##### Records for the exercise #####
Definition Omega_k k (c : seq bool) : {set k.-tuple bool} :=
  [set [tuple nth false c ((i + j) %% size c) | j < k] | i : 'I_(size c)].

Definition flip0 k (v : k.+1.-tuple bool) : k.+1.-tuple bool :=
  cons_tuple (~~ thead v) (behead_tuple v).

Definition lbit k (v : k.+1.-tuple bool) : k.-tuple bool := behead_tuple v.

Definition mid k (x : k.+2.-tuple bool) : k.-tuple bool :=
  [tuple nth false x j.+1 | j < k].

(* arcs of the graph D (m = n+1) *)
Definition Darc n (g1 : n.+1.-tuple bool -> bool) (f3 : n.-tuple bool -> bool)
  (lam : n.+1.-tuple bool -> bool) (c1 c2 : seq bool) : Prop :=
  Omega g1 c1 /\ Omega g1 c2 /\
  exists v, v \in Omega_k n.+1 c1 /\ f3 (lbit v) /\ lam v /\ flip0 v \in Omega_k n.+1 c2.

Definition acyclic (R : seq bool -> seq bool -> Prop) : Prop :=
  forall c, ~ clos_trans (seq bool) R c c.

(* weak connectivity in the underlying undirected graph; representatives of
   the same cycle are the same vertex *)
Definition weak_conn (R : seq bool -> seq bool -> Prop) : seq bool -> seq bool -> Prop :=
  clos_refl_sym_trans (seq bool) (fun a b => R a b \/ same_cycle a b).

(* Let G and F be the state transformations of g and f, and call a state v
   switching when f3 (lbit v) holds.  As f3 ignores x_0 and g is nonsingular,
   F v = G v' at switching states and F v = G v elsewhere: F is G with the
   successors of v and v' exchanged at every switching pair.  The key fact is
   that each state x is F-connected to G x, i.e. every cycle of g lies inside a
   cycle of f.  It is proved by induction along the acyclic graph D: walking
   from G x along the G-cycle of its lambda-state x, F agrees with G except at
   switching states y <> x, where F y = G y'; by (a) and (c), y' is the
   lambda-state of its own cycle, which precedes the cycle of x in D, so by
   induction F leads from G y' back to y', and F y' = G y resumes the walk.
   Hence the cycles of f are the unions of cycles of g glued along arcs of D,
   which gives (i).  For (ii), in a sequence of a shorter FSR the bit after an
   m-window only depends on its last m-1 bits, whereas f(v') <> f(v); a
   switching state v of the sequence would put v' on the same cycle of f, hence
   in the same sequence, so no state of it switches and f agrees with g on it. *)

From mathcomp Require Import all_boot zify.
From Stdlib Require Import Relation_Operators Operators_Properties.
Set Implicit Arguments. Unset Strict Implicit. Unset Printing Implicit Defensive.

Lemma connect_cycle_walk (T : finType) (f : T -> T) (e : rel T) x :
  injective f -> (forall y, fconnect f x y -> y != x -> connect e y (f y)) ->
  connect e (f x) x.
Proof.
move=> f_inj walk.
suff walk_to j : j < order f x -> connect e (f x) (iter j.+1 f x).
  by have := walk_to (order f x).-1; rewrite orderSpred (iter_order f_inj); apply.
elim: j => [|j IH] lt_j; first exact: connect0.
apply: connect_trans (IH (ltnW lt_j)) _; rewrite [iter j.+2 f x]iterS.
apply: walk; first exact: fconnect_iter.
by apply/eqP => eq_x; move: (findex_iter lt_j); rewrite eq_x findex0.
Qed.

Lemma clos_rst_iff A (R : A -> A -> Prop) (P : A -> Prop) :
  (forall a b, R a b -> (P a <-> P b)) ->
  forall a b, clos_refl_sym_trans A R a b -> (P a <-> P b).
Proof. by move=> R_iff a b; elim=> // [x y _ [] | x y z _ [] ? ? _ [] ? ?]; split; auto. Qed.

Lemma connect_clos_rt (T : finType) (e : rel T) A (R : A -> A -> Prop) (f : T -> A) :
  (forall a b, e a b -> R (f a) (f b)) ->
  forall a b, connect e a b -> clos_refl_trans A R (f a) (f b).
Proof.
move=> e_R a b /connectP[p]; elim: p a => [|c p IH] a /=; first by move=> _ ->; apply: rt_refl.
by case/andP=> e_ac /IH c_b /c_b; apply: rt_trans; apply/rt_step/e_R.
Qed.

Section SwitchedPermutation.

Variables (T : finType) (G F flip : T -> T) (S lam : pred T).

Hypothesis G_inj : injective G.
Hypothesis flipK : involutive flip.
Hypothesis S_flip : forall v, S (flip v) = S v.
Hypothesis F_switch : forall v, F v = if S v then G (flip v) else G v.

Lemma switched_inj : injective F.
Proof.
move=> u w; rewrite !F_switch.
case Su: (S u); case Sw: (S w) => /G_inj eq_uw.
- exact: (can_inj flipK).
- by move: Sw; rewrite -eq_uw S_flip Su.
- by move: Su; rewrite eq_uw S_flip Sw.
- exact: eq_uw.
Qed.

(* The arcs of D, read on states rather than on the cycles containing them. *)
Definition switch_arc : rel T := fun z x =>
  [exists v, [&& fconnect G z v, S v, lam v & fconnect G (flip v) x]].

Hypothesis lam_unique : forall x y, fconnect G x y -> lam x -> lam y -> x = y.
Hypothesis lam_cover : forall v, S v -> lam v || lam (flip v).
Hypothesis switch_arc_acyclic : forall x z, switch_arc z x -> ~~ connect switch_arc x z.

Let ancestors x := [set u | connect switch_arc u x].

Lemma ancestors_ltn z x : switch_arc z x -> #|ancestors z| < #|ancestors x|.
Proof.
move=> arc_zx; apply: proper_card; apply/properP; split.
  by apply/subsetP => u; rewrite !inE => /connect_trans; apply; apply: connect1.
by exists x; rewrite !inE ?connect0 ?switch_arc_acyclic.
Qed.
#####
##### Records for the exercise #####
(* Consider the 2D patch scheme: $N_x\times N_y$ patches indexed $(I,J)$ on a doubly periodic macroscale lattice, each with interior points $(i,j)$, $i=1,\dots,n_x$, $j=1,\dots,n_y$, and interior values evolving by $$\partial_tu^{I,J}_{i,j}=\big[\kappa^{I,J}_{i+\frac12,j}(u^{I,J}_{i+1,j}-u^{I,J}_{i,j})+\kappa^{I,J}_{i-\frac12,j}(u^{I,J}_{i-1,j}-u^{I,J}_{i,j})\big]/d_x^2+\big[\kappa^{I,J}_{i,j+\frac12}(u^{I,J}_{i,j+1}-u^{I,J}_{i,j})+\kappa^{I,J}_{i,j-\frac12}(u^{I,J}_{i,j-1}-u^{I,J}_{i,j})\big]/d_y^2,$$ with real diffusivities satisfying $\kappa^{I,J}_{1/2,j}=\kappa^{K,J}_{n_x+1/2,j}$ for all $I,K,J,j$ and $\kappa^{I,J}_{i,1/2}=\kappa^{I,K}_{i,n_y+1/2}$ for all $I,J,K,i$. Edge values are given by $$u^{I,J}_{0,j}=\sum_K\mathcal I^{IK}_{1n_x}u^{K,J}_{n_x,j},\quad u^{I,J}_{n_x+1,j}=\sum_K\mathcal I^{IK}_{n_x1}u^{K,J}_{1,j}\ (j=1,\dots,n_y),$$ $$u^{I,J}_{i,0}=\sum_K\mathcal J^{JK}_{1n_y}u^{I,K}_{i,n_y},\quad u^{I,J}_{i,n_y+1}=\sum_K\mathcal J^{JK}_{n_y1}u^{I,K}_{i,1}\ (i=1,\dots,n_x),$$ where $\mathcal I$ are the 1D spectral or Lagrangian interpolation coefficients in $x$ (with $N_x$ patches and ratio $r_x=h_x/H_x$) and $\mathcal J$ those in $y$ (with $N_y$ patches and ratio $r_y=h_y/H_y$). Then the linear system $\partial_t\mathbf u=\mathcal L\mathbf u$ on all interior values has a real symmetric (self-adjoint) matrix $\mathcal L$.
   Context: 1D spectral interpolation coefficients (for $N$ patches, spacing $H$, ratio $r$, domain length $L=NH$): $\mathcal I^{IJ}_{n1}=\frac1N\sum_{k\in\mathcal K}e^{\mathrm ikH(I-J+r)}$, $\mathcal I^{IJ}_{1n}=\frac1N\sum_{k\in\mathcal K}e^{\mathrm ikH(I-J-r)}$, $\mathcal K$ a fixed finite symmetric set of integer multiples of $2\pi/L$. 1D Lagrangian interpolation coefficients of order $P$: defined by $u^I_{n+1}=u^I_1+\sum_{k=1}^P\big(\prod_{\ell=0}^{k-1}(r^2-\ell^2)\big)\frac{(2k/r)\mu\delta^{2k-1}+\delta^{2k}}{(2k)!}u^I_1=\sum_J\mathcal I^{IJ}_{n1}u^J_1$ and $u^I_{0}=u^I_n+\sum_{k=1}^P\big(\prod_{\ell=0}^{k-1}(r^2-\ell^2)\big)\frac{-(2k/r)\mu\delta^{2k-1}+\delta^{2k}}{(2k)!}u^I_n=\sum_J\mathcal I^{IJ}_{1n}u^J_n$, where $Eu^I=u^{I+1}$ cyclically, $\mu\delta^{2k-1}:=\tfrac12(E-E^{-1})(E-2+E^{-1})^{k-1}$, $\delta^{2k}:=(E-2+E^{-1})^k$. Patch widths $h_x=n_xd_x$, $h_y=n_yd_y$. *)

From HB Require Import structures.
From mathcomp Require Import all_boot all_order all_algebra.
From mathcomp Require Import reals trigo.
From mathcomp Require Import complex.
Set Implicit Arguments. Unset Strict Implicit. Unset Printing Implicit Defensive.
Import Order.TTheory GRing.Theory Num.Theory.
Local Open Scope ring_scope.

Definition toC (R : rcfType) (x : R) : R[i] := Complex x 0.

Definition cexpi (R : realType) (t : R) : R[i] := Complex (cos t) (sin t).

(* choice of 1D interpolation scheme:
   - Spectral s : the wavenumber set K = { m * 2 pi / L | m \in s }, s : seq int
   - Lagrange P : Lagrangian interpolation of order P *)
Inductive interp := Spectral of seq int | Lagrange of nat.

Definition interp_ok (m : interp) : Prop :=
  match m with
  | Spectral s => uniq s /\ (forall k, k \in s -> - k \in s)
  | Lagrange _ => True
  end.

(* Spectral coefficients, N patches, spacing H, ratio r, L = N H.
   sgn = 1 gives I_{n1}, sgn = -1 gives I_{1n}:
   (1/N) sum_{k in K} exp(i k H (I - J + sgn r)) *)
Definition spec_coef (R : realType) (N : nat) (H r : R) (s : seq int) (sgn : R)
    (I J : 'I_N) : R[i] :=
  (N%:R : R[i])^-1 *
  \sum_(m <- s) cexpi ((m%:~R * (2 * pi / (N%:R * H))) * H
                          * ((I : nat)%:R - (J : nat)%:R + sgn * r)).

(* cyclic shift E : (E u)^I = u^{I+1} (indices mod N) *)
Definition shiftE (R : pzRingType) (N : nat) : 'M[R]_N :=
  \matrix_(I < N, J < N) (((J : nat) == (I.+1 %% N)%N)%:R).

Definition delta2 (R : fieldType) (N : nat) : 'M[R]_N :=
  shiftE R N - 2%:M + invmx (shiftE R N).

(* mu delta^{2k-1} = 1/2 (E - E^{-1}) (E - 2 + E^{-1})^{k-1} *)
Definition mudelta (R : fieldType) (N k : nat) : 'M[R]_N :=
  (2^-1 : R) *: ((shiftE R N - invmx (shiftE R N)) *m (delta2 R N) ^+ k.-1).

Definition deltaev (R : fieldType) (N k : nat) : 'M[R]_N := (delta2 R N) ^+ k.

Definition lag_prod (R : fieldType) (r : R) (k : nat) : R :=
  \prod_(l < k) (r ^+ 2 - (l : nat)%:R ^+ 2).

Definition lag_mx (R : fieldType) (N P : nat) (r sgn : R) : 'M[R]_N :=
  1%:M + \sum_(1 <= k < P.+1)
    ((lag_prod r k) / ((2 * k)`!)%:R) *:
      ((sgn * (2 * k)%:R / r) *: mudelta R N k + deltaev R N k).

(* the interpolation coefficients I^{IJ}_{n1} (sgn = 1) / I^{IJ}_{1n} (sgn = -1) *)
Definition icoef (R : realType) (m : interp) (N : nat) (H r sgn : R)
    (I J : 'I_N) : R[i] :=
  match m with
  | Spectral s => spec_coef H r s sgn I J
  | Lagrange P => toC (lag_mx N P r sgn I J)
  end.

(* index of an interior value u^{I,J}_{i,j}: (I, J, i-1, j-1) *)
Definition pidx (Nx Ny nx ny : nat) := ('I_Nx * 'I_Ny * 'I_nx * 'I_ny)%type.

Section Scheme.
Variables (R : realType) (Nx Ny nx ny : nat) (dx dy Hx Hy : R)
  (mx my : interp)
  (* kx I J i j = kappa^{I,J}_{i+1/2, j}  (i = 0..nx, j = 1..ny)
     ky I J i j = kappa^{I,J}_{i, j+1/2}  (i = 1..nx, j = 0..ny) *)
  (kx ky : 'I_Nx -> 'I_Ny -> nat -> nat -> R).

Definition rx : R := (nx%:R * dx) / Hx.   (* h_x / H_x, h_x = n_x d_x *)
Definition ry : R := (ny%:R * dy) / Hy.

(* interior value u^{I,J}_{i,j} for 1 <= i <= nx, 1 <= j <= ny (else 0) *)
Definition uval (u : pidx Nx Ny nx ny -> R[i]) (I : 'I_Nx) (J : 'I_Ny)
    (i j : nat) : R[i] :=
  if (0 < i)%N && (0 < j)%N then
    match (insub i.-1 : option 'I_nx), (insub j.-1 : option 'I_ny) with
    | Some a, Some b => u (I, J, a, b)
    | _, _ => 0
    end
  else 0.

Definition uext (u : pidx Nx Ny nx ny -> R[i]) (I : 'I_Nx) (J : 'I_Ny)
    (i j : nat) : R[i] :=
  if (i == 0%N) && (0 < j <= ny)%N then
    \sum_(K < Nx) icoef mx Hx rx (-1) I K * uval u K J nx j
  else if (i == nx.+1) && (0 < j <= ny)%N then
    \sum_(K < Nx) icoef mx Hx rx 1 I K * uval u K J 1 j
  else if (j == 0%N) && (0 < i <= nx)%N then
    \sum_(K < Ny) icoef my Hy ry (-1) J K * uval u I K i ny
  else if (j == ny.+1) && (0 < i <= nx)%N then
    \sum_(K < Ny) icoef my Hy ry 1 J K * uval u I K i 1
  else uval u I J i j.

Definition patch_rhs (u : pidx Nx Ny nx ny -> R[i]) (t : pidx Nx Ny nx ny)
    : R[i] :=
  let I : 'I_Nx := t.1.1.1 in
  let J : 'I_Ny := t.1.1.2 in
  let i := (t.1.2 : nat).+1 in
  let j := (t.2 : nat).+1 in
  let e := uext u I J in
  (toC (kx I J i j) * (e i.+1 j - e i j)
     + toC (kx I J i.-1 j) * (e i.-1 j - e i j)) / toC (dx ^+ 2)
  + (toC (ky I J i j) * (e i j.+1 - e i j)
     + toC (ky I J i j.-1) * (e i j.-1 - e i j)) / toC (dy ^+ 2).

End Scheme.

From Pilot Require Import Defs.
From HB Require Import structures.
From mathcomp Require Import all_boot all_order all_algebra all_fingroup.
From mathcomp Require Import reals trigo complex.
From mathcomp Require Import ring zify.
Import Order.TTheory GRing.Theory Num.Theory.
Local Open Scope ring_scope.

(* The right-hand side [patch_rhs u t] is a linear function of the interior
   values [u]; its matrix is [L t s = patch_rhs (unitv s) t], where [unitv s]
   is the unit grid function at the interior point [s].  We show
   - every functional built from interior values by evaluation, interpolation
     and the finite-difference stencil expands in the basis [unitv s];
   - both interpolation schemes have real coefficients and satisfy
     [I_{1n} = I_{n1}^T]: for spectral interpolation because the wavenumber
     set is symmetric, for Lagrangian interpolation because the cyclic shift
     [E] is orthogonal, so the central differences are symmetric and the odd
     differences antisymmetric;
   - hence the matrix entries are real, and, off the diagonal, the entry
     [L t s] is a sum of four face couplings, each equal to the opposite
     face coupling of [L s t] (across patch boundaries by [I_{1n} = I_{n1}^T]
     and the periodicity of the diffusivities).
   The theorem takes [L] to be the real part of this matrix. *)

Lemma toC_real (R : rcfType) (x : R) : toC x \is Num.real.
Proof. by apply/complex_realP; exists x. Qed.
#####
##### Records for the exercise #####
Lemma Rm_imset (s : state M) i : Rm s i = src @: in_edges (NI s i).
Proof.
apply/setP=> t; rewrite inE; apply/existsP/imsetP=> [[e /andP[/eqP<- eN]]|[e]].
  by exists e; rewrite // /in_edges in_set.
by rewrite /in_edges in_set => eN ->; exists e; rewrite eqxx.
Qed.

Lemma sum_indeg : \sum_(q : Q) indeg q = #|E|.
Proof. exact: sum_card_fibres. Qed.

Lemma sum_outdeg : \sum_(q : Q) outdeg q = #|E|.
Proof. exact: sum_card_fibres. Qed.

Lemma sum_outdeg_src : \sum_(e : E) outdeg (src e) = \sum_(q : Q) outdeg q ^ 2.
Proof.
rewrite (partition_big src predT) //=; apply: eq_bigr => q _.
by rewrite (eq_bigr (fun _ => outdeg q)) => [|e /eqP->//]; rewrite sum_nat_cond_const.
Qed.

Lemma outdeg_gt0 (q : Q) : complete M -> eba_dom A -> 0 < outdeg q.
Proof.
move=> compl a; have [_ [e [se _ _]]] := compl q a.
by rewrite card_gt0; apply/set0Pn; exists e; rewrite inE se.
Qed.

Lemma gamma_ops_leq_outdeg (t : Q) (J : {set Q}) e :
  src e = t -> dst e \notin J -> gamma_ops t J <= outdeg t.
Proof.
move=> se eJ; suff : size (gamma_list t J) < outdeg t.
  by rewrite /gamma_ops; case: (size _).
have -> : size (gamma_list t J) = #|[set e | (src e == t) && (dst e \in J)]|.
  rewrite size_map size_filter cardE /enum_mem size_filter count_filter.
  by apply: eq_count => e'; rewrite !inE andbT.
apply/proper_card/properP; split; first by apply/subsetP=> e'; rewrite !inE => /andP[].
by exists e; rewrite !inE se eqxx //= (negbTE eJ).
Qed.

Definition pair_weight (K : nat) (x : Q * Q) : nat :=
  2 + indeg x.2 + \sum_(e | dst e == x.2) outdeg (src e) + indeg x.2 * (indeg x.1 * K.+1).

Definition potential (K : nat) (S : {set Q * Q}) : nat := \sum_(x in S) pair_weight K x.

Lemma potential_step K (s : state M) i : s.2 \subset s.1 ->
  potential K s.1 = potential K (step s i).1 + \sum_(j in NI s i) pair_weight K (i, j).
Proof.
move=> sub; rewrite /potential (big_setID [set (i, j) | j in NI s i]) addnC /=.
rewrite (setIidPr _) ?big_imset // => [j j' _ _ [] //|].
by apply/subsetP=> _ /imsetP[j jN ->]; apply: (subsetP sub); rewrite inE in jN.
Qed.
#####
Assigned task:
Copy out each line of the records above that includes "every".

Task result:
   successors of v and v' exchanged at every switching pair.  The key fact is
   that each state x is F-connected to G x, i.e. every cycle of g lies inside a
   - every functional built from interior values by evaluation, interpolation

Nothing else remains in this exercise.